Starting at the line with "Section NoiselessModel.", retype each line exactly up to and including the final line of the records below.

§ **Stored data entries**
• • • • • • •

(* Negating the entry [(i0, j0)] of [S_D] is a rank-one change keeping it
   QPSK, so [rank Z < I] would make the jammer eclipsed. *)
Lemma not_eclipsed_rank U I T D (S_T : 'M[C]_(U, T)) (S_D : 'M[C]_(U, D))
    (W_T : 'M[C]_(I, T)) (W_D : 'M[C]_(I, D)) :
  (0 < U)%N -> (0 < D)%N -> qpsk_mx S_D -> ~ eclipsed S_T S_D W_T W_D ->
  \rank (W_D - W_T *m pinv S_T *m S_D) = I.
Proof.
move=> U_gt0 D_gt0 S_D_qpsk not_ecl; set G := W_T *m pinv S_T.
set Z := W_D - G *m S_D.
apply/eqP; rewrite eqn_leq rank_leq_row /= leqNgt.
apply/negP => rZ_lt; apply: not_ecl.
pose i0 : 'I_U := Ordinal U_gt0; pose j0 : 'I_D := Ordinal D_gt0.
pose E : 'M[C]_(U, D) := (S_D i0 j0 *+ 2) *: delta_mx i0 j0.
exists (S_D - E); split; last split.
- move=> i j; rewrite /E !mxE.
  case: (eqVneq i i0) => [->|_]; case: (eqVneq j j0) => [->|_];
    rewrite ?mulr1 ?mulr0 ?subr0 //.
  by rewrite mulr2n opprD addrA subrr add0r; apply: qpskN.
- move/matrixP/(_ i0 j0)/eqP; rewrite /E !mxE !eqxx mulr1 -subr_eq0 addrAC subrr.
  rewrite add0r oppr_eq0 -mulr_natr mulf_eq0 pnatr_eq0 orbF.
  exact/negP/qpsk_neq0.
- have -> : col_mx (S_D - (S_D - E)) (W_D - G *m (S_D - E)) =
            col_mx 0 1%:M *m Z + col_mx 1%:M G *m E.
    rewrite !mul_col_mx mul0mx !mul1mx add_col_mx add0r opprB addrC subrK.
    by rewrite mulmxBr opprB addrA addrAC.
  apply: leq_trans (mxrank_add _ _) (leq_trans _ rZ_lt).
  rewrite -addn1; apply: leq_add; first exact: mxrankM_maxr.
  apply: leq_trans (mxrankM_maxr _ _) _.
  by apply: leq_trans (mxrank_scale _ _) _; rewrite mxrank_delta.
Qed.

End QPSK.

Section NoiselessModel.
Variables (C : numClosedFieldType) (B U I T D : nat).
Variables (H : 'M[C]_(B, U)) (J : 'M[C]_(B, I)).
Variables (S_T : 'M[C]_(U, T)) (S_D : 'M[C]_(U, D)).
Variables (W_T : 'M[C]_(I, T)) (W_D : 'M[C]_(I, D)).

• • • • • • •

§ **Result of this exercise**
Section NoiselessModel.
Variables (C : numClosedFieldType) (B U I T D : nat).
Variables (H : 'M[C]_(B, U)) (J : 'M[C]_(B, I)).
Variables (S_T : 'M[C]_(U, T)) (S_D : 'M[C]_(U, D)).
Variables (W_T : 'M[C]_(I, T)) (W_D : 'M[C]_(I, D)).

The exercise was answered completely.